To sleep, perhaps not to cough
Researchers paid healthy male and female volunteers $800 to have cold viruses sprayed up their noses. The subjects were kept under close observation for signs of a cold during the day before their exposure and for 5 days afterwards while they waited in a hotel to see if they got sick. Study participants who slept fewer than seven hours a night, and who spent more of that time awake, were nearly three times more likely to develop a cold than people who had eight hours or more of undisturbed sleep.
Before the 14 days of monitoring, each participant also underwent a “pre-challenge” examination, where the researchers obtained information about potential confounders such as virus-specific antibody levels in their blood, demographics, body mass index, psychological variables and health behaviors.
The results showed that:
The less a person slept, the more likely he or she was to develop a cold (there was a graded association between infection rate and average sleep duration).
Participants who slept fewer than 7 hours were 2.94 times more likely to develop a cold than those who had 8 hours or more sleep.
The more efficiently a person slept (more of the time in bed actually spent asleep), the less likely he or she was to develop a cold (i.e. there was also a graded association between sleep efficiency and rate of infection).
Participants whose sleep efficiency feel below 92 per cent were 5.50 times more likely to develop a cold than those whose efficiency was 98 per cent or more.
Feeling rested was not linked to rate of infection.
Cohen and colleagues concluded that:
“Poorer sleep efficiency and shorter sleep duration in the weeks preceding exposure to a rhinovirus were associated with lower resistance to illness.”
The researchers also looked at separate components of illness and how they linked to the variables they measured.
“When the components of clinical illness (infection and signs or symptoms) were examined separately, sleep efficiency but not sleep duration was associated with signs and symptoms of illness,” they wrote, but “neither was associated with infection.”
“A possible explanation for this finding is that sleep disturbance influences the regulation of pro-inflammatory cytokines, histamines and other symptom mediators that are released in response to infection,” they suggested, recommending that seven to eight hours sleep a night would appear to be a reasonable target.
Additionally, the researchers said that previous studies had also shown that people who slept between seven and eight hours per night had the lowest rates of heart disease, illness and early death.
So while I’m still very much on the fence about the H1N1 Flu shot.
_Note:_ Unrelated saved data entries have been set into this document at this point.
Lemma psd_comp_inj X Z (A : op C e X) (phi : idx e Z -> idx e X) :
  injective phi -> psd A -> psd (fun p q => A (phi p) (phi q)).
Proof.
move=> inj hA v.
pose w a := if [pick p | phi p == a] is Some p then v p else 0.
have w0 a : a \notin [set phi p | p in [set: idx e Z]] -> w a = 0.
  rewrite /w; case: pickP => // p /eqP <-.
  by rewrite imset_f ?in_setT.
have wphi p : w (phi p) = v p.
  by rewrite /w; case: pickP => [p' /eqP /inj -> //|/(_ p)]; rewrite eqxx.
have := hA w.
rewrite (sum_inj_supp inj); last first.
  by move=> a /w0 ->; apply: big1 => b _; rewrite conjC0 !mul0r.
congr (_ <= _); apply: eq_bigr => p _.
rewrite (sum_inj_supp inj); last by move=> b /w0 ->; rewrite mulr0.
by apply: eq_bigr => q _; rewrite !wphi.
Qed.

End PositiveOperators.

Section Entries.

Variables (C : numClosedFieldType) (n : nat) (e : 'I_n -> nat).
Implicit Types (rho : op C e [set: 'I_n]) (a b c d : cfg e) (W X Z : {set 'I_n}).

Definition entry rho a b : C := rho (idxT a) (idxT b).

Lemma entry_tensor P f c d :
  entry (tensor P f) c d = \prod_(X in P) f X (restr X c) (restr X d).
Proof. by []. Qed.

Definition ratio rho a0 a b W : C :=
  entry rho (mix W a a0) (mix W b a0) / entry rho a0 a0.

Lemma ratio_tensor P f rho a0 a b W :
  partition P [set: 'I_n] -> rho = tensor P f -> entry rho a0 a0 != 0 ->
  ratio rho a0 a b W = \prod_(X in P) ratio rho a0 a b (W :&: X).
Proof.
move=> hP -> h0; pose D X := f X (restr X a0) (restr X a0).
have hD : entry (tensor P f) a0 a0 = \prod_(X in P) D X by [].
have hX X : X \in P -> ratio (tensor P f) a0 a b (W :&: X) =
    f X (restr X (mix W a a0)) (restr X (mix W b a0)) / D X.
  move=> HX; rewrite /ratio entry_tensor hD !(bigD1 X HX) /=.
  have mixI_in c : {in X, forall i, mix (W :&: X) c a0 i = mix W c a0 i}.
    by move=> i Hi; rewrite !mixE inE Hi andbT.
  have mixI_out X' c : X' \in P -> X' != X -> restr X' (mix (W :&: X) c a0) = restr X' a0.
    move=> HX' Hne; apply: restr_eq => i Hi.
    by rewrite mixE inE (negbTE (partition_disj hP HX' HX Hne Hi)) andbF.
  rewrite !(restr_eq (mixI_in _)).
  under eq_bigr => X' /andP [HX' Hne] do rewrite !mixI_out //.
  have hR : \prod_(X' | (X' \in P) && (X' != X)) D X' != 0.
    by move: h0; rewrite hD (bigD1 X HX) /= mulf_eq0 negb_or => /andP [].
  by rewrite invfM mulrACA divff // mulr1.
by rewrite (eq_bigr _ hX) prodf_div -hD.
Qed.

(* Both factorisations of [ratio] refine to the meet; pairs of disjoint blocks
   contribute the factor [ratio _ _ _ _ set0 = 1]. *)
Lemma entry_pmeet rho P Q f g a0 a b :
  partition P [set: 'I_n] -> partition Q [set: 'I_n] ->
  rho = tensor P f -> rho = tensor Q g -> entry rho a0 a0 != 0 ->
  entry rho a b / entry rho a0 a0 = \prod_(Z in pmeet P Q) ratio rho a0 a b Z.
Proof.
move=> hP hQ hf hg h0.
have -> : entry rho a b / entry rho a0 a0 = ratio rho a0 a b [set: 'I_n].
  by rewrite /ratio !mixT.
rewrite (ratio_tensor _ _ _ hP hf h0).
under eq_bigr do rewrite setTI (ratio_tensor _ _ _ hQ hg h0).
rewrite pair_big /= (bigID (fun u => u.1 :&: u.2 != set0)) /=.
rewrite [X in _ * X]big1 ?mulr1 => [|u /andP [_ /negbNE /eqP ->]]; last first.
  by rewrite /ratio !mix0 divff.
rewrite /pmeet big_imset /=; last exact: pmeet_inj.
by apply: eq_bigl => u; rewrite !inE.
Qed.

Lemma density_diag_neq0 rho : density rho -> exists a0, entry rho a0 a0 != 0.
Proof.
case=> _ htr; case: (pickP (fun a : idx e [set: 'I_n] => rho a a != 0)) => [a Ha|H].
  by exists (val a); rewrite /entry idxT_val.
move: htr; rewrite big1 => [/eqP|a _]; first by rewrite eq_sym oner_eq0.
by apply/eqP/negbFE/H.
Qed.

Lemma density_normalize X (A : op C e X) :
  psd A -> \sum_p A p p != 0 -> density (fun p q => (\sum_r A r r)^-1 * A p q).
Proof.
move=> hA hne; split; last by rewrite -mulr_sumr mulVf.
apply: psd_scale (hA); rewrite invr_ge0.
by apply: sumr_ge0 => p _; apply: psd_diag.
Qed.

(* Not a partial trace: the sites outside [Z] are frozen at [a0], not summed over. *)
Definition block rho a0 Z : op C e Z :=
  fun p q => entry rho (mix Z (val p) a0) (mix Z (val q) a0).
Arguments block rho a0 Z : clear implicits.

Lemma psd_block rho a0 Z : psd rho -> psd (block rho a0 Z).
Proof. exact: psd_comp_inj (@mix_inj _ _ Z a0). Qed.

Lemma trace_block_neq0 rho a0 Z :
  psd rho -> entry rho a0 a0 != 0 -> \sum_p block rho a0 Z p p != 0.
Proof.
move=> hpsd h0; apply: contra h0 => /eqP.
move/(psumr_eq0P (fun p _ => psd_diag p (psd_block a0 hpsd)))/(_ (restr Z a0) isT).
by rewrite /block mix_restr mixxx => ->.
Qed.

Lemma unc_pmeet rho P Q :
  partition P [set: 'I_n] -> partition Q [set: 'I_n] ->
  density rho -> unc P rho -> unc Q rho -> unc (pmeet P Q) rho.
Proof.
move=> hP hQ hd [f [_ hf]] [g [_ hg]].
have [a0 h0] := density_diag_neq0 hd; case: hd => hpsd htr.
pose t Z := \sum_p block rho a0 Z p p.
pose h Z p q := (t Z)^-1 * block rho a0 Z p q.
have hdens Z : density (h Z).
  exact: density_normalize (psd_block a0 hpsd) (trace_block_neq0 Z hpsd h0).
pose K := entry rho a0 a0 * \prod_(Z in pmeet P Q) (t Z / entry rho a0 a0).
have hK (a b : idx e [set: 'I_n]) : rho a b = K * tensor (pmeet P Q) h a b.
  rewrite -[a]idxT_val -[b]idxT_val -/(entry rho (val a) (val b)).
  rewrite -(divfK h0 (entry rho _ _)) (entry_pmeet _ _ hP hQ hf hg h0).
  rewrite /K /tensor mulrC -!mulrA; congr (_ * _).
  rewrite -big_split /=; apply: eq_bigr => Z _.
  rewrite /ratio /h /block /= !mix_restr.
  by field; rewrite trace_block_neq0.
have K1 : K = 1.
  move: htr; under eq_bigr do rewrite hK.
  rewrite -mulr_sumr (sum_prod_restr (pmeet_partition hP hQ) (fun Z p => h Z p p)).
  by rewrite big1 ?mulr1 // => Z _; case: (hdens Z).
exists h; split => [Z _|]; first exact: hdens.
do 2!apply: functional_extensionality => ?.
by rewrite hK K1 mul1r.
Qed.

Lemma unc_single_block rho : density rho -> unc [set [set: 'I_n]] rho.
Proof.
move=> hd; exists (fun X p q => rho (idxT (val p)) (idxT (val q))); split.
  move=> X; rewrite inE => /eqP ->.
  suff -> : (fun p q : idx e [set: 'I_n] => rho (idxT (val p)) (idxT (val q))) = rho by [].
  by do 2!apply: functional_extensionality => ?; rewrite !idxT_val.
do 2!apply: functional_extensionality => ?.
rewrite /tensor big_set1; congr (rho _ _); apply: val_inj; apply/ffunP => i;
  by rewrite /= restr_funE in_setT.
Qed.

End Entries.

Section GHZ.

Variables (C : numClosedFieldType) (n : nat) (e : 'I_n -> nat).
Implicit Types (c d : cfg e) (X Y : {set 'I_n}).

Definition cfg1 : cfg e := finfun (fun i => @Ordinal (e i).+2 1 isT).

Lemma cfg1_neq0 i : (cfg1 i == ord0) = false.
Proof. by rewrite ffunE. Qed.

(* The support of the GHZ vector |0...0> + |1...1> of H_X. *)
Definition const01 X c : bool :=
  [forall i in X, c i == ord0] || [forall i in X, c i == cfg1 i].

Lemma eq_const01 X c d : {in X, forall i, c i = d i} -> const01 X c = const01 X d.
Proof. by move=> H; congr (_ || _); apply: eq_forallb_in => i /H ->. Qed.

Lemma const01_restr X c : const01 X (restr_fun X c) = const01 X c.
Proof. by apply: eq_const01 => i Hi; rewrite restr_funE Hi. Qed.

Lemma const01_0 X c : {in X, forall i, c i = ord0} -> const01 X c.
Proof. by move=> H; apply/orP; left; apply/forall_inP => i /H ->. Qed.

Lemma const01_1 X c : {in X, forall i, c i = cfg1 i} -> const01 X c.
Proof. by move=> H; apply/orP; right; apply/forall_inP => i /H ->. Qed.

Lemma const01_mixed X c i j :
  i \in X -> j \in X -> c i = cfg1 i -> c j = ord0 -> const01 X c = false.
Proof.
move=> Hi Hj ci cj; apply/negbTE; rewrite negb_or; apply/andP; split.
  by apply/forall_inP => /(_ i Hi); rewrite ci cfg1_neq0.
by apply/forall_inP => /(_ j Hj); rewrite cj eq_sym cfg1_neq0.
Qed.

Definition ghz X : op C e X :=
  fun p q => 2^-1 * ((const01 X (val p))%:R * ((const01 X (val q))%:R)^*).

Lemma const01_idxP X (p : idx e X) :
  const01 X (val p) -> p = restr X (cfg0 e) \/ p = restr X cfg1.
Proof.
by case/orP => /forall_inP H; [left|right]; rewrite -[LHS]restr_val;
  apply: restr_eq => i /H /eqP ->; rewrite ?cfg0E.
Qed.

Lemma trace_ghz X : (exists i, i \in X) -> \sum_(p : idx e X) ghz p p = 1.
Proof.
move=> [i0 Hi0]; pose p0 := restr X (cfg0 e); pose p1 := restr X cfg1.
have c0 : const01 X (val p0) by rewrite const01_restr; apply: const01_0 => i _; rewrite cfg0E.
have c1 : const01 X (val p1) by rewrite const01_restr; apply: const01_1.
have hne : p1 != p0.
  apply/eqP => /(congr1 (fun p : idx e X => val p i0)) /eqP.
  by rewrite /= !restr_funE Hi0 cfg0E cfg1_neq0.
rewrite (bigD1 p0) //= (bigD1 p1) //= big1 ?addr0 => [|p /andP [Hp0 Hp1]].
  by rewrite /ghz c0 c1 conjC_nat mulr1 -mulrDr -[1 + 1]/(2%:R) mulVf ?pnatr_eq0.
rewrite /ghz; case: (boolP (const01 X (val p))) => [/const01_idxP|_]; last by rewrite mul0r mulr0.
by case=> Hp; [move: Hp0 | move: Hp1]; rewrite Hp eqxx.
Qed.

Lemma density_ghz X : (exists i, i \in X) -> density (@ghz X).
Proof.
by move=> HX; split; [apply: psd_rank1; rewrite invr_ge0 ler0n | apply: trace_ghz].
Qed.

Lemma density_tensor_ghz P : partition P [set: 'I_n] -> density (tensor P ghz).
Proof.
move=> hP; split.
  pose psi (a : idx e [set: 'I_n]) : C :=
    \prod_(X in P) (const01 X (val (restr X (val a))))%:R.
  have -> : tensor P ghz = fun a b => (\prod_(X in P) (2^-1 : C)) * (psi a * (psi b)^*).
    do 2!apply: functional_extensionality => ?.
    by rewrite /tensor /psi rmorph_prod -!big_split.
  by apply: psd_rank1; apply: prodr_ge0 => X _; rewrite invr_ge0 ler0n.
rewrite (sum_prod_restr hP (fun X p => ghz p p)).
by apply: big1 => X HX; apply/trace_ghz/(partition_block_neq0 hP HX).
Qed.

Lemma entry_tensor_swap U Y (g : forall X, op C e X) c1 c2 b :
  partition U [set: 'I_n] -> Y \in U ->
  entry (tensor U g) c1 b * entry (tensor U g) c2 b =
  entry (tensor U g) (mix Y c1 c2) b * entry (tensor U g) (mix Y c2 c1) b.
Proof.
move=> hU HY; rewrite !entry_tensor !(bigD1 Y HY) /= !restr_mix.
have mix_out c d : \prod_(X | (X \in U) && (X != Y)) g X (restr X (mix Y c d)) (restr X b) =
                   \prod_(X | (X \in U) && (X != Y)) g X (restr X d) (restr X b).
  apply: eq_bigr => X /andP [HX Hne]; congr (g X _ _); apply: restr_eq => i Hi.
  by rewrite mixE (negbTE (partition_disj hU HX HY Hne Hi)).
by rewrite !mix_out; ring.
Qed.

Lemma entry_tensor_ghz P c : partition P [set: 'I_n] ->
  entry (tensor P ghz) c (cfg0 e) =
  \prod_(X in P) (2^-1 * (const01 X c)%:R).
Proof.
move=> hP; rewrite entry_tensor; apply: eq_bigr => X _.
rewrite /ghz /= !const01_restr (@const01_0 X (cfg0 e)) => [|i _]; last exact: cfg0E.
by rewrite conjC_nat mulr1.
Qed.

Lemma entry_tensor_ghz_neq0 P c : partition P [set: 'I_n] ->
  {in P, forall X, const01 X c} -> entry (tensor P ghz) c (cfg0 e) != 0.
Proof.
move=> hP hc; rewrite entry_tensor_ghz //; apply/prodf_neq0 => X HX.
by rewrite hc // mulr1 invr_eq0 pnatr_eq0.
Qed.

(* If a block [X] of [P] met two blocks of [U], exchanging the "all ones on [X]"
   configuration with the zero configuration on one of these blocks would make
   [X] mixed in one factor, while both original entries are nonzero. *)
Lemma refines_of_unc_tensor_ghz P U :
  partition P [set: 'I_n] -> partition U [set: 'I_n] ->
  unc U (tensor P ghz) -> refines P U.
Proof.
move=> hP hU [g [_ hg]] X HX.
have [i Hi] := partition_block_neq0 hP HX.
have [Y HY HiY] := partition_cover hU i.
exists Y => //; apply/subsetP => j Hj; apply/negPn/negP => HjY.
pose uX : cfg e := restr_fun X cfg1.
have const01_uX : {in P, forall X', const01 X' uX}.
  move=> X' HX'; case: (eqVneq X' X) => [->|Hne].
    by apply: const01_1 => k Hk; rewrite restr_funE Hk.
  by apply: const01_0 => k Hk; rewrite restr_funE (negbTE (partition_disj hP HX' HX Hne Hk)).
have mixed : const01 X (mix Y uX (cfg0 e)) = false.
  apply: (const01_mixed (i := i) (j := j)) => //.
    by rewrite mixE HiY restr_funE Hi.
  by rewrite mixE (negbTE HjY) cfg0E.
have := entry_tensor_swap g uX (cfg0 e) (cfg0 e) hU HY.
rewrite -hg [X in _ = X * _]entry_tensor_ghz // (bigD1 X HX) /= mixed !mulr0 !mul0r.
apply/eqP; rewrite mulf_neq0 // entry_tensor_ghz_neq0 // => X' _.
by apply: const01_0 => k _; rewrite cfg0E.
Qed.

End GHZ.

Arguments ghz C {n} e [X].

Lemma refines_refl (n : nat) (P : {set {set 'I_n}}) : refines P P.
Proof. by move=> X HX; exists X. Qed.

Lemma refines_trans (n : nat) (P Q R : {set {set 'I_n}}) :
  refines P Q -> refines Q R -> refines P R.
Proof.
move=> hPQ hQR X /hPQ [Y /hQR [Z HZ HYZ] HXY].
by exists Z => //; apply: subset_trans HYZ.
Qed.

(* By induction over the intersection, carrying a partition for which [rho] is
   uncorrelated and all of whose refinements lie in the partial intersection. *)
Lemma unc_bigcap (C : numClosedFieldType) (n : nat) (e : 'I_n -> nat)
    (F : {set {set {set {set 'I_n}}}}) (rho : op C e [set: 'I_n]) :
  (0 < n)%N -> {in F, forall x, isPII x} -> density rho ->
  {in F, forall x, uncS x rho} -> exists2 p, p \in \bigcap_(x in F) x & unc p rho.
Proof.
move=> hn hF hd hunc.
pose good (S : {set {set {set 'I_n}}}) := exists p, [/\ partition p [set: 'I_n], unc p rho &
  forall u, partition u [set: 'I_n] -> refines u p -> u \in S].
suff [p [hp hu hdown]] : good (\bigcap_(x in F) x).
  by exists p => //; apply: (hdown p hp); apply: refines_refl.
apply: (big_rec good) => [|x S Hx [p [hp hu hdown]]].
  exists [set [set: 'I_n]]; split => [||u _ _]; last by rewrite inE.
    exact: partition_single.
  exact: unc_single_block.
have [q Hq huq] := hunc x Hx; have [_ [part_x down_x]] := hF x Hx.
exists (pmeet p q); split => [||u hu' href].
- exact: pmeet_partition hp (part_x q Hq).
- exact: unc_pmeet hp (part_x q Hq) hd hu huq.
rewrite inE (down_x u q) ?(hdown u) //.
  exact: refines_trans href (@refines_pmeetl _ p q).
exact: refines_trans href (@refines_pmeetr _ p q).
Qed.

Lemma uncS_tensor_ghz (C : numClosedFieldType) (n : nat) (e : 'I_n -> nat)
    (xi : {set {set 'I_n}}) (S : {set {set {set 'I_n}}}) :
  partition xi [set: 'I_n] -> isPII S -> uncS S (tensor xi (ghz C e)) <-> xi \in S.
Proof.
move=> hxi [_ [part_S down_S]]; split => [[u Hu hu]|Hxi].
  exact: down_S Hu hxi (refines_of_unc_tensor_ghz hxi (part_S u Hu) hu).
exists xi => //; exists (ghz C e); split => // X HX.
exact/density_ghz/(partition_block_neq0 hxi HX).
Qed.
I am definitely upping my vitamin supplements and the number of hours I spend dark and horizontal. I’ll get back to you about the shot thing.
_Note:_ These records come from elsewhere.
Fixpoint inv_span (x : T) (L : seq I) : {set T} :=
  if L is a :: L' then inv_span x L' :|: f a @: inv_span x L' else [set x].

Lemma inv_span_self x L : x \in inv_span x L.
Proof. by elim: L => [|a L IH] /=; rewrite ?set11 // inE IH. Qed.

Lemma imset_inv_span a x L : f a @: inv_span x L = inv_span (f a x) L.
Proof.
elim: L x => [|b L IH] x /=; first by rewrite imset_set1.
rewrite imsetU IH -!imset_comp -IH -imset_comp; congr (_ :|: _).
by apply: eq_imset => y /=; apply: f_comm.
Qed.

Lemma inv_span_mem_eq L x y : y \in inv_span x L -> inv_span y L = inv_span x L.
Proof.
elim: L x y => [|a L IH] x y /=; first by rewrite inE => /eqP ->.
rewrite inE => /orP [/IH -> //|/imsetP [z /IH zx ->]].
rewrite -imset_inv_span zx -imset_comp (eq_imset _ (f_invol a)) imset_id.
exact: setUC.
Qed.

Lemma inv_span_closed a L x y : a \in L -> y \in inv_span x L -> f a y \in inv_span x L.
Proof.
elim: L y => [|b L IH] y //; rewrite in_cons /= !inE.
case: eqP => [->|_] /= aL /orP [yL|/imsetP [z zL ->]].
- by rewrite imset_f ?orbT.
- by rewrite f_invol zL.
- by rewrite IH.
- by rewrite f_comm imset_f ?orbT // IH.
Qed.

(* The images of an orbit under an involution are either the orbit itself or
   a disjoint copy of it, so each generator at most doubles its size. *)
Lemma card_inv_span L x : exists e, #|inv_span x L| = 2 ^ e.
Proof.
elim: L => [|a L [e IH]] /=; first by exists 0; rewrite cards1.
rewrite imset_inv_span.
have [disj|[z]] := set_0Vmem (inv_span x L :&: inv_span (f a x) L).
  exists e.+1; have := cardsUI (inv_span x L) (inv_span (f a x) L).
  rewrite disj cards0 addn0 -imset_inv_span card_imset; last exact: inv_inj.
  by move=> ->; rewrite IH expnS mul2n addnn.
rewrite inE => /andP [/inv_span_mem_eq zx /inv_span_mem_eq zfx].
by exists e; rewrite -zfx zx setUid.
Qed.

End CommutingInvolutions.

Section StrongPairing.
Variables (n : nat) (om : sidx n -> sidx n) (tau : sidx n -> point n -> point n).
Hypotheses (FP : facets_pairing om tau) (ST : strong om tau).
Variable s : fvec n.
Hypothesis ps : proper_fv s.
Implicit Types (t u : fvec n) (a b j k : sidx n) (ks : seq (sidx n)).

Definition reaches ks t : Prop :=
  valid tau (face s) ks /\ same (img (comp tau ks) (face s)) (face t).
This study was supported by the National Heart, Lung and Blood Institute and by the National Institute of Allergy and Infectious Diseases. Supplementary funds were provided by the John D. and Catherine T. MacArthur Foundation with the Network on Socioeconomic Status and Health.
Study was published in Archives of Internal Medicine Vol. 169, No. 1, pp 62-67, January 12, 2009 by researchers, Sheldon Cohen; William J. Doyle; Cuneyt M. Alper; Denise Janicki-Deverts;
Sources: JAMA press release, journal abstract.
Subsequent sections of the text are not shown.